START Data in this exercise

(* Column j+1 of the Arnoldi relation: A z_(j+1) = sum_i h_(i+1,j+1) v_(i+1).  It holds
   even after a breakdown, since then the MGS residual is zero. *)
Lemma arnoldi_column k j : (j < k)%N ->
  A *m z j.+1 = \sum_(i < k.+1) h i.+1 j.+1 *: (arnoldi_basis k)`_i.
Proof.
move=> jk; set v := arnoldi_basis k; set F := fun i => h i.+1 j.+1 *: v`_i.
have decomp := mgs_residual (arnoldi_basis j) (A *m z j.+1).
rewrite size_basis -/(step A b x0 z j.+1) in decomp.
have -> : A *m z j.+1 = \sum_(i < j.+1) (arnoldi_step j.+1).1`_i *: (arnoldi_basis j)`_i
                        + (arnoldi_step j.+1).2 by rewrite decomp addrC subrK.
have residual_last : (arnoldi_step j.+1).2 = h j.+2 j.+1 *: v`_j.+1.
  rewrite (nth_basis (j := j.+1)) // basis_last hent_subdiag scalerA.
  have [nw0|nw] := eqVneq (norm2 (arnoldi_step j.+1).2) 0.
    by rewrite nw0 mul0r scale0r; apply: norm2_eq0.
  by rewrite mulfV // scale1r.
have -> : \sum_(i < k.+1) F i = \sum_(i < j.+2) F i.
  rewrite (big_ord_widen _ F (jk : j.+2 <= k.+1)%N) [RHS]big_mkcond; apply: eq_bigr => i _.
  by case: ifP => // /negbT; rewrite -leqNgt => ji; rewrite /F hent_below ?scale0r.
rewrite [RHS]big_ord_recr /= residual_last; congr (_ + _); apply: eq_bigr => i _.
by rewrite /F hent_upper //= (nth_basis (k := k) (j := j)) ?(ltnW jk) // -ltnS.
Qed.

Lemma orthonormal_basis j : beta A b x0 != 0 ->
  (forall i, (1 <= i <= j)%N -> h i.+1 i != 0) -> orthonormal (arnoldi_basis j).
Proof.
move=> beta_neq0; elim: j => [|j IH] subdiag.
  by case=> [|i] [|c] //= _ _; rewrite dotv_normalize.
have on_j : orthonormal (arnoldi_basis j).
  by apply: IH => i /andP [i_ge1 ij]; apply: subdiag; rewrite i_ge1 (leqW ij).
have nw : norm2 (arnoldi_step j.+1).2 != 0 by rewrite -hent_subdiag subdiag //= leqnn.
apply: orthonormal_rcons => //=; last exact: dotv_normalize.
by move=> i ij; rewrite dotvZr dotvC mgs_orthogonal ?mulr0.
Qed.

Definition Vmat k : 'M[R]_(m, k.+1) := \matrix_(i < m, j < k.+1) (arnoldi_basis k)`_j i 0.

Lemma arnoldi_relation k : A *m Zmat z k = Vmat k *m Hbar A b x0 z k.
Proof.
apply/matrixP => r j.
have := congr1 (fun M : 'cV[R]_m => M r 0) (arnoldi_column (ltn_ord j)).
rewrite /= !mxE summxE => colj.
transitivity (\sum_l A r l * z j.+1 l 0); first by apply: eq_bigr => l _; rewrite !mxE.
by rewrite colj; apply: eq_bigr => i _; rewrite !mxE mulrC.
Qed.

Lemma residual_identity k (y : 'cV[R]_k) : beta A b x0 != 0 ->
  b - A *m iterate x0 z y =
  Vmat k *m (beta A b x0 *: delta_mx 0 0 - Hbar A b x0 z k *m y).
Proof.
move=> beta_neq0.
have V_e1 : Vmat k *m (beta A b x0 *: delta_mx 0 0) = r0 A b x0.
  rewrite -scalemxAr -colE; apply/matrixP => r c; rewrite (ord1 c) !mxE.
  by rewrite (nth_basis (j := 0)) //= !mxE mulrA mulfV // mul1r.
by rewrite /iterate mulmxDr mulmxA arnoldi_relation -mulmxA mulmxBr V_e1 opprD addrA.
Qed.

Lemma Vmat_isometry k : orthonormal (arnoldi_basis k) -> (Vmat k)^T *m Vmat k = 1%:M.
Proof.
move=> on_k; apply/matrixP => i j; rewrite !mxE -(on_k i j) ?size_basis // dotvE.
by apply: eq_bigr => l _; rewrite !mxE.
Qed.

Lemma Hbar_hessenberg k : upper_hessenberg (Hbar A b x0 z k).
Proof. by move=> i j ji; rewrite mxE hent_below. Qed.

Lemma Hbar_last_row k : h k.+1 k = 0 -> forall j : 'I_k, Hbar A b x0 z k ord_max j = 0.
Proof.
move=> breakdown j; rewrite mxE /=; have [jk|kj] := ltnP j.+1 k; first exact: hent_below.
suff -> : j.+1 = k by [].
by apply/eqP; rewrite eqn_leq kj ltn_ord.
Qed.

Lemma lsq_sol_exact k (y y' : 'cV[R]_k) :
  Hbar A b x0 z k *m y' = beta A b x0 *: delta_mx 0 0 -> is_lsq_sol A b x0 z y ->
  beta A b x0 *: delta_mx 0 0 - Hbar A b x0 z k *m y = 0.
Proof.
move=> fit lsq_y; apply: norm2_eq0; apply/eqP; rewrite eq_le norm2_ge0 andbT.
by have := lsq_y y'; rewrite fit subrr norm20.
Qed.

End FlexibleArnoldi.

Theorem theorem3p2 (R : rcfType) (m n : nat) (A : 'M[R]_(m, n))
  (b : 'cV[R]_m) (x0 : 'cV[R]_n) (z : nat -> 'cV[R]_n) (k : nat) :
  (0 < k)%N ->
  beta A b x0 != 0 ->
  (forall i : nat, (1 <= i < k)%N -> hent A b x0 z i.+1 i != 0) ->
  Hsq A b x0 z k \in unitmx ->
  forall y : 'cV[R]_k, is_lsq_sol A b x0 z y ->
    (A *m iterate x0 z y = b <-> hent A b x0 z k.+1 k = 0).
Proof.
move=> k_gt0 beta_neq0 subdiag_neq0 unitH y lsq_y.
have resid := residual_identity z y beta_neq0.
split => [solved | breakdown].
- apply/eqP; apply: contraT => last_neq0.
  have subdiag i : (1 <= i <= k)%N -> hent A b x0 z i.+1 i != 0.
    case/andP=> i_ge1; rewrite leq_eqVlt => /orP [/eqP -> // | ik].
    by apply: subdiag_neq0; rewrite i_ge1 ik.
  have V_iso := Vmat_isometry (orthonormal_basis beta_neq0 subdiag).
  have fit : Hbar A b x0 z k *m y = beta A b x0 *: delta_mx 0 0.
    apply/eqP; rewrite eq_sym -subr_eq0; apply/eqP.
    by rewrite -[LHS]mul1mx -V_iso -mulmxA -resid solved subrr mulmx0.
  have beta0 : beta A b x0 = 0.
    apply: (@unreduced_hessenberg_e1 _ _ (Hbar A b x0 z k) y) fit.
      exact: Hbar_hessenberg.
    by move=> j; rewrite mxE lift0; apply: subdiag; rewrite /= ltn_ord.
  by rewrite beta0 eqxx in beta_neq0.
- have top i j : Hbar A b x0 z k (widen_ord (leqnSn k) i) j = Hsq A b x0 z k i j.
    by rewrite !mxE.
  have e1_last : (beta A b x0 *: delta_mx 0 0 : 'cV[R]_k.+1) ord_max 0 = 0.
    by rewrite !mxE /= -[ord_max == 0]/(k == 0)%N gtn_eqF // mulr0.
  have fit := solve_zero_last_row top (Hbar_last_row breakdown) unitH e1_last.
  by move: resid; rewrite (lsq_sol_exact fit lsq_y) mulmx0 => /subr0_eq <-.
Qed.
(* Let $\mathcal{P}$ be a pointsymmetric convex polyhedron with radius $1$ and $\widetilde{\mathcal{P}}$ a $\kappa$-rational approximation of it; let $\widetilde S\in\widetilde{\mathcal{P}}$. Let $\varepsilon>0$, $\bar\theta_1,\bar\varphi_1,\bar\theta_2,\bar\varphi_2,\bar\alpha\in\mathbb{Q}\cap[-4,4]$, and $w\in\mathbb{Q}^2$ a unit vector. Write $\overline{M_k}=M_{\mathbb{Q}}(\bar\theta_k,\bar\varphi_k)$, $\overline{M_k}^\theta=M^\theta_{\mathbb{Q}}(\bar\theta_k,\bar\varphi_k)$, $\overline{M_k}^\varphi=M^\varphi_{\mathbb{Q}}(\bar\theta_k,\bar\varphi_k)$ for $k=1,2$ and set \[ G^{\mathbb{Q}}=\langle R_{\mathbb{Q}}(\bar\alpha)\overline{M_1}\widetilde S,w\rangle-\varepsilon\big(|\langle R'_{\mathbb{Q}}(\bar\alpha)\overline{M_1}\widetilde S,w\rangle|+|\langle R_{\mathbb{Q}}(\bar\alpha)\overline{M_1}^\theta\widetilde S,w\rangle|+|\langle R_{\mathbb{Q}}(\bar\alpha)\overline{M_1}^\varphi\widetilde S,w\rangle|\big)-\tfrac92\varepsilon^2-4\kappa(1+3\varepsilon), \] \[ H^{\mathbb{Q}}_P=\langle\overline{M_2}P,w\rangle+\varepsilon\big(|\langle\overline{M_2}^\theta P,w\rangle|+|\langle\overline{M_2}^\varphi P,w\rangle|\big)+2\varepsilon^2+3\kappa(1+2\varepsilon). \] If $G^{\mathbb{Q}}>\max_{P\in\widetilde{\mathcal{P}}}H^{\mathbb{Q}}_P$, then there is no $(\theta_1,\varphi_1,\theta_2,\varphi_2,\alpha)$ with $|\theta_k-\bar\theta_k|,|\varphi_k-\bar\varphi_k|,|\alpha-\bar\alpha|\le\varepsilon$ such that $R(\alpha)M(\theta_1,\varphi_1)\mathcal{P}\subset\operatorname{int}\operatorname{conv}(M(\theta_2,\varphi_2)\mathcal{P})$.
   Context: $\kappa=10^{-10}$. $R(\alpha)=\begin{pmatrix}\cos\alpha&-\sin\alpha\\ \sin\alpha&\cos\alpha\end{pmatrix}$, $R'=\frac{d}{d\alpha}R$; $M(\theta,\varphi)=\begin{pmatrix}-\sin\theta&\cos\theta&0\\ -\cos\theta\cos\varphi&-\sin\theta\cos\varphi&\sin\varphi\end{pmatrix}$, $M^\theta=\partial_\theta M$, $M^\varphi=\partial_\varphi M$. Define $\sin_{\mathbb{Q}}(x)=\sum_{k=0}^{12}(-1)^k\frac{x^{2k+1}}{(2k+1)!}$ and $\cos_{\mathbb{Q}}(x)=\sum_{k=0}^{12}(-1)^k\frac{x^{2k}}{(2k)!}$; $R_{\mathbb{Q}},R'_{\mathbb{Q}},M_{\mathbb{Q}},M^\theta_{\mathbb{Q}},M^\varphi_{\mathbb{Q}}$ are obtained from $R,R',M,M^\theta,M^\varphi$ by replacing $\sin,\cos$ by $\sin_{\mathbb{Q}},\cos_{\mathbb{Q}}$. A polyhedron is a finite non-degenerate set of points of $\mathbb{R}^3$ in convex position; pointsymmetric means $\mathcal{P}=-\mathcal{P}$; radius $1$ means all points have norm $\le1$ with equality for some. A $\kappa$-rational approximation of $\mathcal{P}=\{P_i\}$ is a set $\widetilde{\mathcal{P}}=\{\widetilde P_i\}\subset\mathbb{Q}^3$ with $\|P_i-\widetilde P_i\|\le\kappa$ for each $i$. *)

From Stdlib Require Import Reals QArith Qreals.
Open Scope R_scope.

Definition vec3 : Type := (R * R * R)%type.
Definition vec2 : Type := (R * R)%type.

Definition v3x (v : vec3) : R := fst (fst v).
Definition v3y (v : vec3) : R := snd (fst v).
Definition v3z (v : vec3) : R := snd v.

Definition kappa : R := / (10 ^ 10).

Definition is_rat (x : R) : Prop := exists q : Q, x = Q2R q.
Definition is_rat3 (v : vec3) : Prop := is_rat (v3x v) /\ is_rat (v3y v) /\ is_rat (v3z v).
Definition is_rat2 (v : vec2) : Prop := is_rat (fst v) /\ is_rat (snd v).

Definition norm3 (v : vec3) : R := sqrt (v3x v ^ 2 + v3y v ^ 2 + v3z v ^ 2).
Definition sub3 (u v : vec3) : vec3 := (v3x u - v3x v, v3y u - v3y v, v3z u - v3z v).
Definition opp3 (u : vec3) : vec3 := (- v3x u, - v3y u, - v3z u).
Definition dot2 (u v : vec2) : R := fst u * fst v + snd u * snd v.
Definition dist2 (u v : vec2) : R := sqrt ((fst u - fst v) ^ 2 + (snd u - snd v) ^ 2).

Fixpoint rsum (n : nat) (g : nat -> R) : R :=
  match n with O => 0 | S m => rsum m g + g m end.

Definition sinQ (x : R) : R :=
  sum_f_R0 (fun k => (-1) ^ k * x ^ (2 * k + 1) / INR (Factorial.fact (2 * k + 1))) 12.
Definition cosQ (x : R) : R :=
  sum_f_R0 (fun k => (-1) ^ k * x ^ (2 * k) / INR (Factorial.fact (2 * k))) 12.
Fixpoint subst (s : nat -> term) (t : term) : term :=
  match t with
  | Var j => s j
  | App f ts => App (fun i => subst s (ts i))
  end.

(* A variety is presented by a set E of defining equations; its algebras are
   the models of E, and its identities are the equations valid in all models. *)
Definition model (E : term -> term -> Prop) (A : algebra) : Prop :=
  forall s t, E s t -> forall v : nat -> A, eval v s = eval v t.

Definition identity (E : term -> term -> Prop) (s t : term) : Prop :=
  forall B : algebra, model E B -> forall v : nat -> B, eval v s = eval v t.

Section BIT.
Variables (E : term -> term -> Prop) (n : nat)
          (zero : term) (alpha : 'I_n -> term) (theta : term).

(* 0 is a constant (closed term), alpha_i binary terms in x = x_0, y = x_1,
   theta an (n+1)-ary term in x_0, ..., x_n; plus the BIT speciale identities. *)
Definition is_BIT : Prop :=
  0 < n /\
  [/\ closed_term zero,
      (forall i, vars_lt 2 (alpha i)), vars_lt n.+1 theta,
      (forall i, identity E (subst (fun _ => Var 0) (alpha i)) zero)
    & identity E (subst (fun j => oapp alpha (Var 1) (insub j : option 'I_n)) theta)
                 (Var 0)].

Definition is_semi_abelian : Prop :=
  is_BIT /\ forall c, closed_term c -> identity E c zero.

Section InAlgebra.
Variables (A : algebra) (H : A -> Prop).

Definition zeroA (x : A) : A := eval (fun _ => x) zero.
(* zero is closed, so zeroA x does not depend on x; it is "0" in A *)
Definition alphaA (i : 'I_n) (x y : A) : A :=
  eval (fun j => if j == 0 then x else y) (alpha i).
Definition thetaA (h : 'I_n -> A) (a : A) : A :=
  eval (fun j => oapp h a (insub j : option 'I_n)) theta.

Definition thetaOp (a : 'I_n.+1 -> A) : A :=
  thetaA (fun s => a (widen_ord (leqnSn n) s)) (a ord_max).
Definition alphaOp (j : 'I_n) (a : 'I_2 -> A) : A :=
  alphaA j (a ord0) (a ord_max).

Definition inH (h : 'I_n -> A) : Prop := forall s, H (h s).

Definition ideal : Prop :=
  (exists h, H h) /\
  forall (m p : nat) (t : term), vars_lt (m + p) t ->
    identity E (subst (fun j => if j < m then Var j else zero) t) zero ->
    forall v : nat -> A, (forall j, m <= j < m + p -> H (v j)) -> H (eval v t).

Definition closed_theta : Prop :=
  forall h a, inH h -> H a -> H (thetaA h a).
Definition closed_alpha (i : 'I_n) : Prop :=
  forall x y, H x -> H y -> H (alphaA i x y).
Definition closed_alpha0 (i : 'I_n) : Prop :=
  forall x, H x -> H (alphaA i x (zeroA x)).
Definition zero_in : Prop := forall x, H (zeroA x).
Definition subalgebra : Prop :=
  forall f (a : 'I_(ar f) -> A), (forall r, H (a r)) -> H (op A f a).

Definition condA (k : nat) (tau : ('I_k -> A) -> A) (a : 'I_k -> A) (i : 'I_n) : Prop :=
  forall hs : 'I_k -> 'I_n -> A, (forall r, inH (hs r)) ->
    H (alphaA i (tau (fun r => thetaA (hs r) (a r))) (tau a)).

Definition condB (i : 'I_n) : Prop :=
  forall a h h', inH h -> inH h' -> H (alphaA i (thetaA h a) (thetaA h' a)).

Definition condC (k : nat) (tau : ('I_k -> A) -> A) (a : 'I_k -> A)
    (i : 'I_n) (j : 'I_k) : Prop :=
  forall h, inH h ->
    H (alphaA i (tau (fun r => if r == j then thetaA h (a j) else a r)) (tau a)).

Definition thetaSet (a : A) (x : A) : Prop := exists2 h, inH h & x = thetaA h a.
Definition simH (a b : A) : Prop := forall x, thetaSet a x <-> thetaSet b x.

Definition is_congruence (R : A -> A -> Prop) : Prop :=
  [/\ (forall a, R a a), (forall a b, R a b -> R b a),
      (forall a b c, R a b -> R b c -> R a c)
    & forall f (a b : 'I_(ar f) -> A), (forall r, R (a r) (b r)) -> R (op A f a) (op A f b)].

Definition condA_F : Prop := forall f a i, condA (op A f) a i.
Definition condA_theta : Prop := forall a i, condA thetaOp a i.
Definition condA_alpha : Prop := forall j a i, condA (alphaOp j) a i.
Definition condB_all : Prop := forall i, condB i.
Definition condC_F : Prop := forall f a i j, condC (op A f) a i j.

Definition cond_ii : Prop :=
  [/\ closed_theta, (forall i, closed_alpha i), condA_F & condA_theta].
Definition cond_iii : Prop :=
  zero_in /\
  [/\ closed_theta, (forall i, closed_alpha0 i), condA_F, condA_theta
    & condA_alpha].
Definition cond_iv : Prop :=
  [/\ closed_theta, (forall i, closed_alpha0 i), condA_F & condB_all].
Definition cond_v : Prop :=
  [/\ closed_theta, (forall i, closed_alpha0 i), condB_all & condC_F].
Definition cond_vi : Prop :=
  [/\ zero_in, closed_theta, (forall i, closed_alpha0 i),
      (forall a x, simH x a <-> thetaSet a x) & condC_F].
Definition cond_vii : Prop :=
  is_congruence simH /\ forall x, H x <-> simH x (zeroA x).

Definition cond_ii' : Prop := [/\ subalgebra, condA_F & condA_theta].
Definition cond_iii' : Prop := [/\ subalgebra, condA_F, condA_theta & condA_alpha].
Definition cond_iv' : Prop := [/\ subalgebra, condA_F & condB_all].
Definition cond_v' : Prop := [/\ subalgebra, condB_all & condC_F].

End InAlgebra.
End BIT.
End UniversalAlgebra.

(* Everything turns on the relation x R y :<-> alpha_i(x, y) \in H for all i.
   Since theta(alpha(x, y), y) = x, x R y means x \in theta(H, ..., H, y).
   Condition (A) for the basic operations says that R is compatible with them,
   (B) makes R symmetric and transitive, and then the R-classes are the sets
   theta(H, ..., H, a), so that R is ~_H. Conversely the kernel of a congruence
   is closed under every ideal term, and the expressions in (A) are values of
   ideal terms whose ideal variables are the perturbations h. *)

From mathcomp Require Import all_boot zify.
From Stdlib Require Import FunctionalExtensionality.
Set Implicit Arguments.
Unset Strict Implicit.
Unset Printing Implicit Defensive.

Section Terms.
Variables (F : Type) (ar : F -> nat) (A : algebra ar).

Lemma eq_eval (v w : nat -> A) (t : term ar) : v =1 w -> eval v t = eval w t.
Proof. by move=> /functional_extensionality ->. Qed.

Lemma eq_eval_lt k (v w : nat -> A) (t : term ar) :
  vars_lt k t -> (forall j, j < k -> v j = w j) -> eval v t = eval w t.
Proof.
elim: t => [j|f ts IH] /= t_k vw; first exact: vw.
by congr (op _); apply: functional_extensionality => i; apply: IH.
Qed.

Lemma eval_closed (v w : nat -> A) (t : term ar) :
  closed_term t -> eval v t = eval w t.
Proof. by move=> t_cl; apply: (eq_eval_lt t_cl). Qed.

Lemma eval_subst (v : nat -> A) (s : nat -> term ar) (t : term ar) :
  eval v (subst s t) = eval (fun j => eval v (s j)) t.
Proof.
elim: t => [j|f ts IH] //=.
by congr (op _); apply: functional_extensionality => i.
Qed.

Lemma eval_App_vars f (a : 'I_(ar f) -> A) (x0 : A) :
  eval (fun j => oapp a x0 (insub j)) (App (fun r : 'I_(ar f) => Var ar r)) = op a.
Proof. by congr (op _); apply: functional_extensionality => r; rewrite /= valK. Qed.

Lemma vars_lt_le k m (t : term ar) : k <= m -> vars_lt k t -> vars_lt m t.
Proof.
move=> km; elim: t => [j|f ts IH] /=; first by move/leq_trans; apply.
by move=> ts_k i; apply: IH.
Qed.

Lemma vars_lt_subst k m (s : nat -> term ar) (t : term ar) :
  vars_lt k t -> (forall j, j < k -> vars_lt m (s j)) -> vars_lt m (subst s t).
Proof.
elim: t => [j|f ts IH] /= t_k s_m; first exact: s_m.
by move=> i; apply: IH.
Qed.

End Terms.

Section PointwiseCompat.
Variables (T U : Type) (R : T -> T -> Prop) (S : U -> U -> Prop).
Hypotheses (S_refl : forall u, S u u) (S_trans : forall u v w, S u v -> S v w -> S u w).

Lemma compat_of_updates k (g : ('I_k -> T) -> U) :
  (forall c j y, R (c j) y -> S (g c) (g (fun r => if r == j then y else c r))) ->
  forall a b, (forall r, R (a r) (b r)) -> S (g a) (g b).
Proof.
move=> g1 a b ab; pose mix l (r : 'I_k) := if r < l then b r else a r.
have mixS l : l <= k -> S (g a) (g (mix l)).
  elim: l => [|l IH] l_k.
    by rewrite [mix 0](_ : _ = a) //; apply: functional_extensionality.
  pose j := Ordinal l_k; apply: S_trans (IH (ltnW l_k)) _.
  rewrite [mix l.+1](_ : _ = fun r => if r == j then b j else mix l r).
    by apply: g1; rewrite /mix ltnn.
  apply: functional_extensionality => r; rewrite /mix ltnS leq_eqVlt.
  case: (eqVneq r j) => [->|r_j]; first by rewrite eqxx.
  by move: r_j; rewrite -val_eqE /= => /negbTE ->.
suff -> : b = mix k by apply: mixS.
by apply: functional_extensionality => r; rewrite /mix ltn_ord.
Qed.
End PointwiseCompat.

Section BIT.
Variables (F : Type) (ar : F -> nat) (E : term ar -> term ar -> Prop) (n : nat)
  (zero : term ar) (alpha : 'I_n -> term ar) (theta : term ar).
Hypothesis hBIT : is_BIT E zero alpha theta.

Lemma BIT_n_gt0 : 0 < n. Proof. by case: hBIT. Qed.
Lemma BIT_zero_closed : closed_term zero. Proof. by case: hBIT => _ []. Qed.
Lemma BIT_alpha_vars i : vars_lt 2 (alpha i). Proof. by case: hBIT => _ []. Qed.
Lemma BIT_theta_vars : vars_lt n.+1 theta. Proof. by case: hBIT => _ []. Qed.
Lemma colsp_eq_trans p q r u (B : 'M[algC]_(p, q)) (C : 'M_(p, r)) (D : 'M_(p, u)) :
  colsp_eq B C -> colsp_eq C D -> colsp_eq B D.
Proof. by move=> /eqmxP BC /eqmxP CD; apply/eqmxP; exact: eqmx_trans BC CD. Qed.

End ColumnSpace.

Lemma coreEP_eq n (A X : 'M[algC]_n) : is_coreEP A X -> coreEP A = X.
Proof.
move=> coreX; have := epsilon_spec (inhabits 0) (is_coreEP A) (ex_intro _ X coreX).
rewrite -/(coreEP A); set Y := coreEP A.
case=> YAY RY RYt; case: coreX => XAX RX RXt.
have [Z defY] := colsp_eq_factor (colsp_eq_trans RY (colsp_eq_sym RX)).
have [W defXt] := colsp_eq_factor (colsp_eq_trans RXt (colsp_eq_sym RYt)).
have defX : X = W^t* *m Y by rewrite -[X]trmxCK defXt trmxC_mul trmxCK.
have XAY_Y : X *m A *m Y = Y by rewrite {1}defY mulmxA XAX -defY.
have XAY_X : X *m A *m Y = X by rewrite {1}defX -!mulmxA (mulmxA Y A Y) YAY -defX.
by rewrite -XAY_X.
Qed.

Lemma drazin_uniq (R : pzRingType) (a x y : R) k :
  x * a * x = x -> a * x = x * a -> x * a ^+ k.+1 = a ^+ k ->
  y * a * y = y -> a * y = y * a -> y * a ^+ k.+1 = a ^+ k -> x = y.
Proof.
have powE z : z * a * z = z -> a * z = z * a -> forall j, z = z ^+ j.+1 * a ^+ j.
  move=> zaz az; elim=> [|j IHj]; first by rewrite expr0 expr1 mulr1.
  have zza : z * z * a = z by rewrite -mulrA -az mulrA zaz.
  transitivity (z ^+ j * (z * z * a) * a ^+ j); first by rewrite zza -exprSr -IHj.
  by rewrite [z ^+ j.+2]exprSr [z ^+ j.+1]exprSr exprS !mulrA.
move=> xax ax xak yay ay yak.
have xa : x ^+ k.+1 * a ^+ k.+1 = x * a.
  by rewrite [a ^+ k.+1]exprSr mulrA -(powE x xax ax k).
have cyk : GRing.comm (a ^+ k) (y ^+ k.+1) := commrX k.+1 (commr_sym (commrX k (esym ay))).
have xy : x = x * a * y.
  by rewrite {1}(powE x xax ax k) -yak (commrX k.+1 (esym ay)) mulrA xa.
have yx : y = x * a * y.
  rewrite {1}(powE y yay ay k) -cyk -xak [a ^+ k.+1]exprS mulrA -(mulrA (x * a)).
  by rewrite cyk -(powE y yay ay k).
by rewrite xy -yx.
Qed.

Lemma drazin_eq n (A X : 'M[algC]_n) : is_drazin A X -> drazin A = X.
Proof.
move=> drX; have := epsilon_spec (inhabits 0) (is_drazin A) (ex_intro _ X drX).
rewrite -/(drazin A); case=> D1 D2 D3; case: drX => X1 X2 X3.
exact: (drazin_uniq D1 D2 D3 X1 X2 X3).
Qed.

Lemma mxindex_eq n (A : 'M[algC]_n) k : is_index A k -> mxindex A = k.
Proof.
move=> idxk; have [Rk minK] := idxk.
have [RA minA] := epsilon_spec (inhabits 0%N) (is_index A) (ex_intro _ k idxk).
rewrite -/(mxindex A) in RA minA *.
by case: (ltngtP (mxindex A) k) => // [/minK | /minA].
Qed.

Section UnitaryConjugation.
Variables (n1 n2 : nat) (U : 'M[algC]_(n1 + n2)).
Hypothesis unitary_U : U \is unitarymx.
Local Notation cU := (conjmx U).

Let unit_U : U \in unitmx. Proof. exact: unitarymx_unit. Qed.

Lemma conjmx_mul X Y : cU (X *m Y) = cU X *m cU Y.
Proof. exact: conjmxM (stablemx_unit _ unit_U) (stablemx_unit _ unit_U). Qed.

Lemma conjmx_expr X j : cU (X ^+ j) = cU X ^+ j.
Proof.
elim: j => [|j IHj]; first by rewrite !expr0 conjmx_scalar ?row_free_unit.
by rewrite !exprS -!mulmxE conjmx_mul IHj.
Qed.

END Data in this exercise

Wherever the line holding "forall y : 'cV[R]_k, is_lsq_sol" falls in the entries above, copy exactly from it through the line holding "by rewrite !mxE.", inclusive, and add nothing.

  forall y : 'cV[R]_k, is_lsq_sol A b x0 z y ->
    (A *m iterate x0 z y = b <-> hent A b x0 z k.+1 k = 0).
Proof.
move=> k_gt0 beta_neq0 subdiag_neq0 unitH y lsq_y.
have resid := residual_identity z y beta_neq0.
split => [solved | breakdown].
- apply/eqP; apply: contraT => last_neq0.
  have subdiag i : (1 <= i <= k)%N -> hent A b x0 z i.+1 i != 0.
    case/andP=> i_ge1; rewrite leq_eqVlt => /orP [/eqP -> // | ik].
    by apply: subdiag_neq0; rewrite i_ge1 ik.
  have V_iso := Vmat_isometry (orthonormal_basis beta_neq0 subdiag).
  have fit : Hbar A b x0 z k *m y = beta A b x0 *: delta_mx 0 0.
    apply/eqP; rewrite eq_sym -subr_eq0; apply/eqP.
    by rewrite -[LHS]mul1mx -V_iso -mulmxA -resid solved subrr mulmx0.
  have beta0 : beta A b x0 = 0.
    apply: (@unreduced_hessenberg_e1 _ _ (Hbar A b x0 z k) y) fit.
      exact: Hbar_hessenberg.
    by move=> j; rewrite mxE lift0; apply: subdiag; rewrite /= ltn_ord.
  by rewrite beta0 eqxx in beta_neq0.
- have top i j : Hbar A b x0 z k (widen_ord (leqnSn k) i) j = Hsq A b x0 z k i j.
    by rewrite !mxE.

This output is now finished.